2.5.1 (a) Use the binomial model to calculate the probability that two of them will be boys.

paste('probability of having 2 boys out of 3 =', (girlRate^(3-2)) * (boyRate^2) * (choose(3,2)))
## [1] "probability of having 2 boys out of 3 = 0.382347"
possible3KidPermutation <- factorial(3) # Permutations (ggg, bgg, bbg, bbb) / Combinations (ggg, bgg, gbg, ggb, bgb, bbg, gbb, bbb)
possible2BoyPermutation <- factorial(2) # bbg, bgb, gbb
paste('Calculating probability of having 2 boys out of 3 =',(girlRate^(3-2)) * (boyRate^2) * (possible3KidPermutation/possible2BoyPermutation))
## [1] "Calculating probability of having 2 boys out of 3 = 0.382347"

2.5.2 (b) Write out all possible orderings of 3 children, 2 of whom are boys.

Use these scenarios to calculate the same probability from part (a) but using the addition rule for disjoint outcomes. Confirm that your answers from parts (a) and (b) match.

paste('Possible combinations of having 2 boys out of 3 =', sum((boyRate*boyRate*girlRate),(boyRate*girlRate*boyRate),(girlRate*boyRate*boyRate)))
## [1] "Possible combinations of having 2 boys out of 3 = 0.382347"

2.5.3 (c) If we wanted to calculate the probability that a couple who plans to have 8 kids will have 3 boys,

briefly describe why the approach from part (b) would be more tedious than the approach from part (a).

To calculate the probability of 8 kids having 3 boys, there would be 56 combinations to be calculated, hence calculations of part(b) would be more tedious for all possible scenarios of atleast 3 boys out of 8 kids than atleast 2 boys out of 3 kids.

2.6 Question#3.42 Serving in volleyball.

A not-so-skilled volleyball player has a 15% chance of making the serve, which involves hitting the ball so it passes over the net on a trajectory such that it will land in the opposing team’s court. Suppose that her serves are independent of each other.

serveRate <- 0.15
failRate <- 1-0.15

2.6.1 (a) What is the probability that on the 10th try she will make her 3rd successful serve?

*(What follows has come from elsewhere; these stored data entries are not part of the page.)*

(* Let $\arctan$ be the principal branch of the inverse tangent with $\arctan0=0$. For $|z-1|<1$, \[ \frac{\arctan z-\frac{\pi}{4}}{z}=\sum_{n=1}^{\infty}(-1)^nT(n)(z-1)^n, \] where $T(n)=\sum_{k=1}^{n}\frac{(-1)^k}{2^{k/2}k}\sin\frac{3k\pi}{4}$ for $n\ge1$. *)

From Stdlib Require Import Reals.
From Coquelicot Require Import Coquelicot.
Open Scope R_scope.

(* Principal argument of a complex number w = (x, y), valued in (-PI, PI],
   with the convention Arg 0 = 0. *)
Definition Arg (w : C) : R :=
  let x := fst w in let y := snd w in
  if Rlt_dec 0 x then atan (y / x)
  else if Rlt_dec x 0 then
    (if Rle_dec 0 y then atan (y / x) + PI else atan (y / x) - PI)
  else
    if Rlt_dec 0 y then PI / 2
    else if Rlt_dec y 0 then - (PI / 2) else 0.

Definition Clog (w : C) : C := (ln (Cmod w), Arg w).

(* Principal branch of the complex inverse tangent:
   arctan z = (i/2) (Log(1 - i z) - Log(1 + i z)),
   analytic off the cuts {i y : |y| >= 1}, with arctan 0 = 0. *)
Definition Carctan (z : C) : C :=
  Ci / 2 * (Clog (1 - Ci * z) - Clog (1 + Ci * z)).

Definition T (n : nat) : R :=
  sum_n_m (fun k : nat =>
    (-1) ^ k / (Rpower 2 (INR k / 2) * INR k) * sin (3 * INR k * PI / 4)) 1 n.

From Stdlib Require Import Reals Lra Lia.
From Coquelicot Require Import Coquelicot.
Open Scope R_scope.

(* Write z = 1 + w.  With q = (-1 + i)/2 one has 1 + (1 + u)^2 = 2 (1 - q u) (1 - conj q u) and
   q - conj q = i, hence
     d/dt arctan (1 + t w) = w / (1 + (1 + t w)^2)
                           = w / (2 i) * (q / (1 - q t w) - conj q / (1 - conj q t w)).
   Expanding both fractions geometrically and integrating over t in [0, 1] gives
   arctan (1 + w) - pi/4 = sum_n b_n w^(n+1) with b_n = Im (q^(n+1)) / (n+1); the error after N
   terms is O(|q|^N) = O(2^(-N/2)), by the mean value theorem applied to the real and imaginary
   parts along the segment, where the principal arctan is given by real atan/ln formulas.
   Since Im (q^k) = sin (3 k pi/4) / 2^(k/2), the numbers a_n = (-1)^n T(n) satisfy
   a_(n+1) = b_n - a_n, so (1 + w) times the M-th partial sum of the claimed series equals the
   M-th partial sum of sum_n b_n w^(n+1) plus a_(M+1) w^(M+2), and |a_n| <= |q| / (1 - |q|). *)

Lemma Re_sum_n (u : nat -> C) (N : nat) :
  Re (sum_n u N) = sum_n (fun n => Re (u n)) N.
Proof.
  induction N as [|N IH]; [now rewrite !sum_O|].
  now rewrite !sum_Sn, <- IH.
Qed.

Lemma Im_sum_n (u : nat -> C) (N : nat) :
  Im (sum_n u N) = sum_n (fun n => Im (u n)) N.
Proof.
  induction N as [|N IH]; [now rewrite !sum_O|].
  now rewrite !sum_Sn, <- IH.
Qed.

Lemma Re_Cdiv (x y : C) :
  Re (x / y) = (Re x * Re y + Im x * Im y) / (Re y ^ 2 + Im y ^ 2).
Proof. unfold Cdiv, Cinv, Cmult, Re, Im; simpl; unfold Rdiv; ring. Qed.

Lemma Im_Cdiv (x y : C) :
  Im (x / y) = (Im x * Re y - Re x * Im y) / (Re y ^ 2 + Im y ^ 2).
Proof. unfold Cdiv, Cinv, Cmult, Re, Im; simpl; unfold Rdiv; ring. Qed.

Lemma RtoC_neq_0 (x : R) : x <> 0 -> RtoC x <> 0%C.
Proof. intros Hx H. apply Hx, RtoC_inj, H. Qed.

Lemma C2_neq_0 : RtoC 2 <> 0%C.
Proof. apply RtoC_neq_0. lra. Qed.

Lemma Rabs_Im_le_Cmod (z : C) : Rabs (Im z) <= Cmod z.
Proof. eapply Rle_trans; [apply Rmax_r | apply Rmax_Cmod]. Qed.

Lemma Cmod_le_Rabs_Re_Im (z : C) : Cmod z <= Rabs (Re z) + Rabs (Im z).
Proof.
  replace z with (RtoC (Re z) + Ci * RtoC (Im z))%C at 1
    by (destruct z; apply injective_projections; simpl; ring).
  eapply Rle_trans; [apply Cmod_triangle|].
  rewrite Cmod_mult, Cmod_Ci, !Cmod_R. lra.
Qed.

Lemma Cmod_1_sub_ge (u : C) : 1 - Cmod u <= Cmod (1 - u).
Proof.
  pose proof (Cmod_triangle (1 - u) u) as H.
  replace (1 - u + u)%C with (RtoC 1) in H by ring.
  rewrite Cmod_1 in H. lra.
Qed.

Lemma Cmod_one_sub_mul_ge (p u : C) : Cmod u <= 1 -> 1 - Cmod p <= Cmod (1 - p * u).
Proof.
  intros Hu. eapply Rle_trans; [|apply Cmod_1_sub_ge].
  rewrite Cmod_mult. pose proof (Cmod_ge_0 p). nra.
Qed.

Lemma one_sub_mul_neq_0 (p u : C) : Cmod p < 1 -> Cmod u <= 1 -> (1 - p * u)%C <> 0%C.
Proof.
  intros Hp Hu H. pose proof (Cmod_one_sub_mul_ge p u Hu) as Hge.
  rewrite H, Cmod_0 in Hge. lra.
Qed.

Lemma Cmod_RtoC_mul_le (t : R) (w : C) : 0 <= t <= 1 -> Cmod w <= 1 -> Cmod (t * w)%C <= 1.
Proof.
  intros Ht Hw. rewrite Cmod_mult, Cmod_R, Rabs_pos_eq by lra.
  pose proof (Cmod_ge_0 w). nra.
Qed.

Lemma pow_SS_le (x y : R) (N : nat) : 0 <= x <= y -> y <= 1 -> x ^ S (S N) <= y ^ N.
Proof.
  intros Hxy Hy. apply Rle_trans with (y ^ S (S N)); [apply pow_incr, Hxy|].
  rewrite <- (Rmult_1_l (y ^ N)). simpl. rewrite <- Rmult_assoc.
  apply Rmult_le_compat_r; [apply pow_le; lra | nra].
Qed.

Lemma sum_n_Cmult_sub (c : C) (x y : nat -> C) (N : nat) :
  sum_n (fun n => c * (x n - y n))%C N = (c * (sum_n x N - sum_n y N))%C.
Proof.
  induction N as [|N IH]; [now rewrite !sum_O|].
  rewrite !sum_Sn, IH. change plus with Cplus. simpl. ring.
Qed.

Lemma sum_n_geom_mul (p u : C) (N : nat) : (1 - p * u)%C <> 0%C ->
  sum_n (fun n => p ^ S n * u ^ n)%C N = (p / (1 - p * u) - p * (p * u) ^ S N / (1 - p * u))%C.
Proof.
  intros Hpu. induction N as [|N IH].
  - rewrite sum_O. simpl. field. exact Hpu.
  - rewrite sum_Sn, IH. change plus with Cplus.
    rewrite !Cpow_S, !Cpow_mult_l. simpl. field. exact Hpu.
Qed.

paste('probability of having 3rd successful serve on the 10th try =', (failRate^7) * (serveRate^3) * (choose(9,2))) # Negative Binomial distribution
## [1] "probability of having 3rd successful serve on the 10th try = 0.0389501162261719"
possible9Permutation <- factorial(9) / (factorial(2)*factorial(7))  #number of cases with 2 successes and 7 failures in 9 first attemps
paste('Calculating probability of having 3rd successful serve on the 10th try =',(failRate^7) * (serveRate^3) * (possible9Permutation))
## [1] "Calculating probability of having 3rd successful serve on the 10th try = 0.0389501162261719"

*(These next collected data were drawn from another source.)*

Lemma Dper_mixper m : forall (R : comNzRingType) n (A : 'M[R]_n) (Xs : 'I_m -> 'M[R]_n),
  Dper A Xs * n`!%:R =
  \sum_(c : {ffun 'I_m -> 'I_n} | injectiveb c) mixper (place_mx A Xs c).
Proof.
elim: m => [|m IH] R n A Xs.
  rewrite /= -mixper_const (eq_bigr (fun _ => mixper (fun _ => A))) => [|c _]; last first.
    by apply: eq_mixper => i; rewrite /place_mx; case: pickP => // -[].
  by rewrite sumr_const card_injectiveb ffactn0.
rewrite /= horner_coef0 coef_deriv mulr1n -coefMC polyC_natr IH coef_sum.
rewrite (eq_bigr _ (fun c _ => coef1_mixper_place A Xs c)) sum_injectiveb_extend.
apply: eq_bigr => c c_inj; apply: eq_bigr => j j_notin_c.
have ext_inj : injectiveb (extend_ffun c j) by rewrite injectiveb_extend_ffun j_notin_c.
apply: eq_bigr => s _; apply: eq_bigr => t _; rewrite [RHS](bigD1 j) //=.
rewrite -[X in place_mx _ _ _ X](extend_ffun_max c j) place_mx_codom //.
by congr (_ * _); apply: eq_bigr => i ij; rewrite place_mx_extend.
Qed.

Section Bounds.

Variables (C : numClosedFieldType) (n : nat).

Lemma norm_le_of_mul_fact (y b : C) : `|y * n`!%:R| <= n`!%:R * b -> `|y| <= b.
Proof.
have nfact_gt0 : 0 < n`!%:R :> C by rewrite ltr0n fact_gt0.
by rewrite normrM (ger0_norm (ltW nfact_gt0)) mulrC ler_pM2l.
Qed.

Lemma Dper_bound m (A : 'M[C]_n) (a : C) (Xs : 'I_m -> 'M[C]_n) :
  (m <= n)%N -> 0 <= a -> (forall v, vnorm (A *m v) <= a * vnorm v) ->
  (forall k v, vnorm (Xs k *m v) <= vnorm v) ->
  `|Dper A Xs| <= n`!%:R / (n - m)`!%:R * a ^+ (n - m).
Proof.
move=> le_mn a_ge0 leAa leX1.
pose weight (c : {ffun 'I_m -> 'I_n}) (i : 'I_n) := if i \in codom c then 1 else a.
have prod_weight (c : {ffun 'I_m -> 'I_n}) :
    injectiveb c -> \prod_i weight c i = a ^+ (n - m).
  move/injectiveP=> c_inj; rewrite (bigID (mem (codom c))) /= big1 ?mul1r => [|i]; last first.
    by rewrite /weight => ->.
  rewrite (eq_bigr (fun _ => a)) => [|i /negbTE]; last by rewrite /weight => ->.
  rewrite prodr_const; congr (_ ^+ _); apply/eqP; rewrite -(eqn_add2l m).
  by rewrite -{1}(card_ord m) -(card_codom c_inj) cardC card_ord subnKC.
have -> : n`!%:R / (n - m)`!%:R = (n ^_ m)%:R :> C.
  by rewrite -(ffact_fact le_mn) natrM mulfK // pnatr_eq0 -lt0n fact_gt0.
apply: norm_le_of_mul_fact; rewrite Dper_mixper.
apply: le_trans (norm_sum_mixper (c := weight) _ _) _ => [c i _|c i v c_inj|].
- by rewrite /weight; case: ifP.
- rewrite /weight; case: (boolP (i \in codom c)) => [/codomP [k ->]|i_notin_c].
    by rewrite place_mx_codom // mul1r.
  by rewrite place_mx_notin.
rewrite (eq_bigr _ (fun c c_inj => prod_weight c c_inj)).
by rewrite sumr_const card_injectiveb [(n ^_ m)%:R * _]mulr_natl.
Qed.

2.6.2 (b) Suppose she has made two successful serves in nine attempts. What is the probability that her 10th serve will be successful?

The probability that her 10th serve will be successful is 15% since all her serves are independent of each other.

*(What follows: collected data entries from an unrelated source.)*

Theorem corollary2p4 (m k n : nat) (hk : (1 <= k)%nat) :
  limit1_in (fun q => numer m k (2 * n) q / qpoch (- q) (q ^ 2) n)
            (fun q => q <> -1) (INR (2 * k) ^ n) (-1)
  /\
  limit1_in (fun q => numer m k (2 * n + 1) q / qpoch (- q) (q ^ 2) (n + 1))
            (fun q => q <> -1) (INR (2 * k) ^ n * INR (2 * m + 1)) (-1).
Proof.
  pose proof (qpoch_quo_m1_pos n); pose proof (qpoch_quo_m1_pos (S n)).
  destruct (rs_quo_m1 m k n) as [even_m1 odd_m1].
  destruct (continuity_pt_rs_quo m k n (-1)) as [even_cont odd_cont].
  split.
  - replace (INR (2 * k) ^ n) with (fst (rs_quo m k n (-1)) / qpoch_quo n (-1))
      by (rewrite even_m1; field; lra).
    apply (limit1_in_continuity_pt_eq _
             (fun q => fst (rs_quo m k n q) / qpoch_quo n q) _ 1); [lra | |].
    + apply continuity_pt_div; [exact even_cont | apply continuity_pt_qpoch_quo | lra].
    + intros q Hq Hd; apply (numer_div_qpoch_rs_quo m k n q hk Hq Hd).
  - replace (INR (2 * k) ^ n * INR (2 * m + 1))
      with (snd (rs_quo m k n (-1)) / qpoch_quo (S n) (-1))
      by (rewrite odd_m1; field; lra).
    apply (limit1_in_continuity_pt_eq _
             (fun q => snd (rs_quo m k n q) / qpoch_quo (S n) q) _ 1); [lra | |].
    + apply continuity_pt_div; [exact odd_cont | apply continuity_pt_qpoch_quo | lra].
    + intros q Hq Hd; apply (numer_div_qpoch_rs_quo m k n q hk Hq Hd).
Qed.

2.6.3 (c) Even though parts (a) and (b) discuss the same scenario, the probabilities you calculated should be different. Can you explain the reason for this discrepancy?

For part a, it is calculated by negative binonmial distribution to count 3rd successful serve in 10th attempt (Only 2 of the former 9 attempts are success).

For part b, it is only calculated the probability that 10th attempt will be successful assuming that previous 9 attempts already had 2 successful serve.